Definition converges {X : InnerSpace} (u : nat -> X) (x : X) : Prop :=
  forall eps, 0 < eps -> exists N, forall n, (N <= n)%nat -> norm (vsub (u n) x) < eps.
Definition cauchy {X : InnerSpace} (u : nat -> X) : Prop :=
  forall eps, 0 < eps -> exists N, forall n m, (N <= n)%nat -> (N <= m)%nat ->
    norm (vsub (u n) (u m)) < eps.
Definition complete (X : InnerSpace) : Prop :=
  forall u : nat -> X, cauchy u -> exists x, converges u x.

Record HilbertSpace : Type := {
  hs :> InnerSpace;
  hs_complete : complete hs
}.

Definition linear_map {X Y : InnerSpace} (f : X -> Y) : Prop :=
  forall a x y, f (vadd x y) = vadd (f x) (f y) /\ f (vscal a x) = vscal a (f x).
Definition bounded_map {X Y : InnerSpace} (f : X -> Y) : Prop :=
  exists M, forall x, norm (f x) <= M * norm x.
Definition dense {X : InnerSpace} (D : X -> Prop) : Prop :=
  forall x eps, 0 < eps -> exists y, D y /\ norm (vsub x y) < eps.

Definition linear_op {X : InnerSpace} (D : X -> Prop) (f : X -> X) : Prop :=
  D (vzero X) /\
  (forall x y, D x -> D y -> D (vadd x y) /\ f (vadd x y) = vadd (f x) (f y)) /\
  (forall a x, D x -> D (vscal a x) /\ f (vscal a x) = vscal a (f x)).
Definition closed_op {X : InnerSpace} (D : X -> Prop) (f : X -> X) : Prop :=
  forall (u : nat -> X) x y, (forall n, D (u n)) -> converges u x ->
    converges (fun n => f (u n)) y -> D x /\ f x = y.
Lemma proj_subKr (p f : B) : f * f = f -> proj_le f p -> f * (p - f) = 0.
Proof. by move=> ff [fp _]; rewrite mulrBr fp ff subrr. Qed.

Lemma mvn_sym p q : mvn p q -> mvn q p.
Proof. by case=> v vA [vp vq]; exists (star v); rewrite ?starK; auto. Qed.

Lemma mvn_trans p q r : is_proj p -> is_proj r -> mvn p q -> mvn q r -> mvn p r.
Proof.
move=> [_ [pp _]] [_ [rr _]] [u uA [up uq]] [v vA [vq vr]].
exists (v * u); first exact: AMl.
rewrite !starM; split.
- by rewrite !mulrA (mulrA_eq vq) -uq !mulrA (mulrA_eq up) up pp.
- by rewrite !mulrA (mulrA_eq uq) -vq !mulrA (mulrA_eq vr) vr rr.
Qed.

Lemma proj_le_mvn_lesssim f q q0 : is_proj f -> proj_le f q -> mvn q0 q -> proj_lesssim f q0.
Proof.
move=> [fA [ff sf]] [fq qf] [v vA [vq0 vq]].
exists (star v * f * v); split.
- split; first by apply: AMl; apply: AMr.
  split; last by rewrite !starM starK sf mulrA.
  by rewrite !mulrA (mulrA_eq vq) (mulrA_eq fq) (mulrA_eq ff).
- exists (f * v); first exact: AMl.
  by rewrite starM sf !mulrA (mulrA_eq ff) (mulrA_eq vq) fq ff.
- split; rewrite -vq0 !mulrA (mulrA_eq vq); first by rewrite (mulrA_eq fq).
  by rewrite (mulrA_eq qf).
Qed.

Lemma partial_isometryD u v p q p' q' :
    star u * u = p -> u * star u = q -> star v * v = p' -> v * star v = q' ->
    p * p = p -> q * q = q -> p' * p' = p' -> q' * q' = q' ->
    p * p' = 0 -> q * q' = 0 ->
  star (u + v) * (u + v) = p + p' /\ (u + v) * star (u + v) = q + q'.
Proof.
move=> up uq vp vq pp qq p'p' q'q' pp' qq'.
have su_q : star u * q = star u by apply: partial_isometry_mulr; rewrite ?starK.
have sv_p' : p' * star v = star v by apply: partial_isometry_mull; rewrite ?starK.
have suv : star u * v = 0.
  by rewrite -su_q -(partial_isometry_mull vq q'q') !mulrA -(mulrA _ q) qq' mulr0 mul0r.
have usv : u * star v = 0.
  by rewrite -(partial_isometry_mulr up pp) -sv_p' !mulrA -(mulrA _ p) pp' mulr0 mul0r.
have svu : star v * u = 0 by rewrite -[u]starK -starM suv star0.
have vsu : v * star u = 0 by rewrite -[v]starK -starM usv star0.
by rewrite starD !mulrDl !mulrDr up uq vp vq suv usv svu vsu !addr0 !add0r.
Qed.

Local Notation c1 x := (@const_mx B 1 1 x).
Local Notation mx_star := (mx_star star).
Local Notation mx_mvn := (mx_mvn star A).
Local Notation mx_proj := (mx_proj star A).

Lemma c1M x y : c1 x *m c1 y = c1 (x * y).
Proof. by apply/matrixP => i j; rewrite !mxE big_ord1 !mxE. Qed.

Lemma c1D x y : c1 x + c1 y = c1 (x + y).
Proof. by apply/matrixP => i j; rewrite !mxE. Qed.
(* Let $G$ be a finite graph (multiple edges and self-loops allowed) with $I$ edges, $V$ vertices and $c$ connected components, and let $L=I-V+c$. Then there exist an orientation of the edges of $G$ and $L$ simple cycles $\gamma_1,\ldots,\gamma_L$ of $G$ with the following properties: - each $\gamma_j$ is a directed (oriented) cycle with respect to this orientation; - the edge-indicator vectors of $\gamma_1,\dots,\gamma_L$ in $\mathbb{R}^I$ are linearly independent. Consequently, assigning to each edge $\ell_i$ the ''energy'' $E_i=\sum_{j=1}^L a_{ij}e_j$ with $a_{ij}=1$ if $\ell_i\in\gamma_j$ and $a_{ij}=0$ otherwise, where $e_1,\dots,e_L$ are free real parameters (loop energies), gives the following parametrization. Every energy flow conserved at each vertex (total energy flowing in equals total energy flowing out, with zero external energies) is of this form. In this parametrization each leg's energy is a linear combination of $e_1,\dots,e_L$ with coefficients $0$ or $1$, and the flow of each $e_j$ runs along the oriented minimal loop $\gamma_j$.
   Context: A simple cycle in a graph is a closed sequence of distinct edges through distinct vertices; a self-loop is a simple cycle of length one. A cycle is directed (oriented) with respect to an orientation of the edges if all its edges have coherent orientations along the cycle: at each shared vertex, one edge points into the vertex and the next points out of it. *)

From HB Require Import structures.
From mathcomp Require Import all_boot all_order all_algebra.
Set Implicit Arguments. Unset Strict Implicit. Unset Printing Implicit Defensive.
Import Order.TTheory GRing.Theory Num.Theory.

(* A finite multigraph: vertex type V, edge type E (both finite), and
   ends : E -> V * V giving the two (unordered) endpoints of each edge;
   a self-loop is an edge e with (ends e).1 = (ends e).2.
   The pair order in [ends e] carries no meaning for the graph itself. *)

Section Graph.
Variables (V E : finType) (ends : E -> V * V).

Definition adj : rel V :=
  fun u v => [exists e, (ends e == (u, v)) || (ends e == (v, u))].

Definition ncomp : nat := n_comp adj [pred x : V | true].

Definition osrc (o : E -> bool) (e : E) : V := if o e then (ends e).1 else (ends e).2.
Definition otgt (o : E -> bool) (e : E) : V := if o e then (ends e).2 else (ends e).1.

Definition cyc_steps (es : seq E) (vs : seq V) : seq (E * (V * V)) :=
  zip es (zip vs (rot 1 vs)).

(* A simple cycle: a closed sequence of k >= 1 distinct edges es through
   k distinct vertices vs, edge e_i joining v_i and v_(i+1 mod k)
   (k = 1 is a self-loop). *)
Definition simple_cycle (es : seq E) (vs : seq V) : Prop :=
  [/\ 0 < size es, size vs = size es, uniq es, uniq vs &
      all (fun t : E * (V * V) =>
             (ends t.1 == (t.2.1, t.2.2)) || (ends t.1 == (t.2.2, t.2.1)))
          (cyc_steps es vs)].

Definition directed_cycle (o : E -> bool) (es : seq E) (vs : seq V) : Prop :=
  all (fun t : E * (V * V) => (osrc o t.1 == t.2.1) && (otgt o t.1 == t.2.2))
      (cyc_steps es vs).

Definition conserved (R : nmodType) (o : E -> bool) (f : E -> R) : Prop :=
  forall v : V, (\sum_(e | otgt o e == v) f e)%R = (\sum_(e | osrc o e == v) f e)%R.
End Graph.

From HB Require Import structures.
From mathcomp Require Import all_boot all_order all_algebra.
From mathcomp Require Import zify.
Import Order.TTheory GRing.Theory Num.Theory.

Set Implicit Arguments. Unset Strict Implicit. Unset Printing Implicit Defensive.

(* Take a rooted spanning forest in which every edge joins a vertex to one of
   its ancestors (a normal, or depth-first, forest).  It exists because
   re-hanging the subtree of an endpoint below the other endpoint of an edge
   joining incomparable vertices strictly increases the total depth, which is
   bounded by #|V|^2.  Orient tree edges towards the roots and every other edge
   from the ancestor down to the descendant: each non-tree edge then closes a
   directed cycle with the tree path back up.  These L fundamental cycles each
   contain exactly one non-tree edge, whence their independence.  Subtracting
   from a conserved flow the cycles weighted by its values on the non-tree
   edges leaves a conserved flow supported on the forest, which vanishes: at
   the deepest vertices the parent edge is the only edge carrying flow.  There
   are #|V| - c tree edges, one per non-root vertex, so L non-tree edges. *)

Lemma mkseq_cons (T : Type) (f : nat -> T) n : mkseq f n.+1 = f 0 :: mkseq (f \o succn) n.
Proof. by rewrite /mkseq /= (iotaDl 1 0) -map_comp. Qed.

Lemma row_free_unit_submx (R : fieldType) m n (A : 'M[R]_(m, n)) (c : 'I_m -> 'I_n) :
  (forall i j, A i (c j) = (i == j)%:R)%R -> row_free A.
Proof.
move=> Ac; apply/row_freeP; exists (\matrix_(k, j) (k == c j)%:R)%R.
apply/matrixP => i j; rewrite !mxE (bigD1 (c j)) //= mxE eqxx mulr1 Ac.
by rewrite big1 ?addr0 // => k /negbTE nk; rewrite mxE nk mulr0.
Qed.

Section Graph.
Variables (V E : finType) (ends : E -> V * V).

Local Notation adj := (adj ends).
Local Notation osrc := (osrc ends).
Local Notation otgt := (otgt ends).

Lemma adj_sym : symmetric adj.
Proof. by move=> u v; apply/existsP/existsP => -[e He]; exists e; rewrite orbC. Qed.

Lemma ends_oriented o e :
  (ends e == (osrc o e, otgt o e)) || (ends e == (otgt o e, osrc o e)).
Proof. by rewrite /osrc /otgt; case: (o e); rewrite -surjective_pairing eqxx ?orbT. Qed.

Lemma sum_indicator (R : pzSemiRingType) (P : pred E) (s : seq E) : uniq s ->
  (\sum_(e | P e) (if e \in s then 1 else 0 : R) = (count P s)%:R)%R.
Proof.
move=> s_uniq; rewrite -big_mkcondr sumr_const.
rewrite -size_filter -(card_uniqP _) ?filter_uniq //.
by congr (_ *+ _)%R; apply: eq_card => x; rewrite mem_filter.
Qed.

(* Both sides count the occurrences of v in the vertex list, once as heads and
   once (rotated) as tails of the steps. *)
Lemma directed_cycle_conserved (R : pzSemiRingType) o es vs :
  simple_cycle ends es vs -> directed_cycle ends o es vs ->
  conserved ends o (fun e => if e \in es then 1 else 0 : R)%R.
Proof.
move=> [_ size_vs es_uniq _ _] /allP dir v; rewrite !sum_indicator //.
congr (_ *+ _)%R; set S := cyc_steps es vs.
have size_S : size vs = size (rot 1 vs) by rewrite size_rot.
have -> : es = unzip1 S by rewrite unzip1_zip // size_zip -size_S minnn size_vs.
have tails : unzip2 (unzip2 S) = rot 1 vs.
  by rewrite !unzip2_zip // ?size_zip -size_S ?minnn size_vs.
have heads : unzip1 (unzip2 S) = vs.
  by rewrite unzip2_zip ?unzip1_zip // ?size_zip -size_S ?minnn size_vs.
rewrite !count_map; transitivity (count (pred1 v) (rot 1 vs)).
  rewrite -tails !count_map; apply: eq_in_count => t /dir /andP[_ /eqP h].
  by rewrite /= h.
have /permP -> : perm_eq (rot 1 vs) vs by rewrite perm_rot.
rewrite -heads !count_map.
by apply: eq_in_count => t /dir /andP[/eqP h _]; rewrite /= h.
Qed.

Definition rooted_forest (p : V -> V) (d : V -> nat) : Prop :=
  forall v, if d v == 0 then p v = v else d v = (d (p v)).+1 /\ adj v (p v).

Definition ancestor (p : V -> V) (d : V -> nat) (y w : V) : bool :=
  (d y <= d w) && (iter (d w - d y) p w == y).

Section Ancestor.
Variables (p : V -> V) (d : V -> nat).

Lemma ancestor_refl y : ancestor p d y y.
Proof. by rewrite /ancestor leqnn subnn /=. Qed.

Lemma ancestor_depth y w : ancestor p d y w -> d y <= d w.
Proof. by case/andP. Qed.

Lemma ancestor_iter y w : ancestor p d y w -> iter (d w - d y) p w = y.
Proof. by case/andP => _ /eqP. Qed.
☆ ☆ ☆ ☆ ☆ ☆ ☆
THE TASK: Look above for the line with "Lemma row_free_unit_submx (R"; retype exactly that line, every line after it up to the line with "(* Both sides", and that line too, nothing else.

ANSWER AREA:
Lemma row_free_unit_submx (R : fieldType) m n (A : 'M[R]_(m, n)) (c : 'I_m -> 'I_n) :
  (forall i j, A i (c j) = (i == j)%:R)%R -> row_free A.
Proof.
move=> Ac; apply/row_freeP; exists (\matrix_(k, j) (k == c j)%:R)%R.
apply/matrixP => i j; rewrite !mxE (bigD1 (c j)) //= mxE eqxx mulr1 Ac.
by rewrite big1 ?addr0 // => k /negbTE nk; rewrite mxE nk mulr0.
Qed.

Section Graph.
Variables (V E : finType) (ends : E -> V * V).

Local Notation adj := (adj ends).
Local Notation osrc := (osrc ends).
Local Notation otgt := (otgt ends).

Lemma adj_sym : symmetric adj.
Proof. by move=> u v; apply/existsP/existsP => -[e He]; exists e; rewrite orbC. Qed.

Lemma ends_oriented o e :
  (ends e == (osrc o e, otgt o e)) || (ends e == (otgt o e, osrc o e)).
Proof. by rewrite /osrc /otgt; case: (o e); rewrite -surjective_pairing eqxx ?orbT. Qed.

Lemma sum_indicator (R : pzSemiRingType) (P : pred E) (s : seq E) : uniq s ->
  (\sum_(e | P e) (if e \in s then 1 else 0 : R) = (count P s)%:R)%R.
Proof.
move=> s_uniq; rewrite -big_mkcondr sumr_const.
rewrite -size_filter -(card_uniqP _) ?filter_uniq //.
by congr (_ *+ _)%R; apply: eq_card => x; rewrite mem_filter.
Qed.

(* Both sides count the occurrences of v in the vertex list, once as heads and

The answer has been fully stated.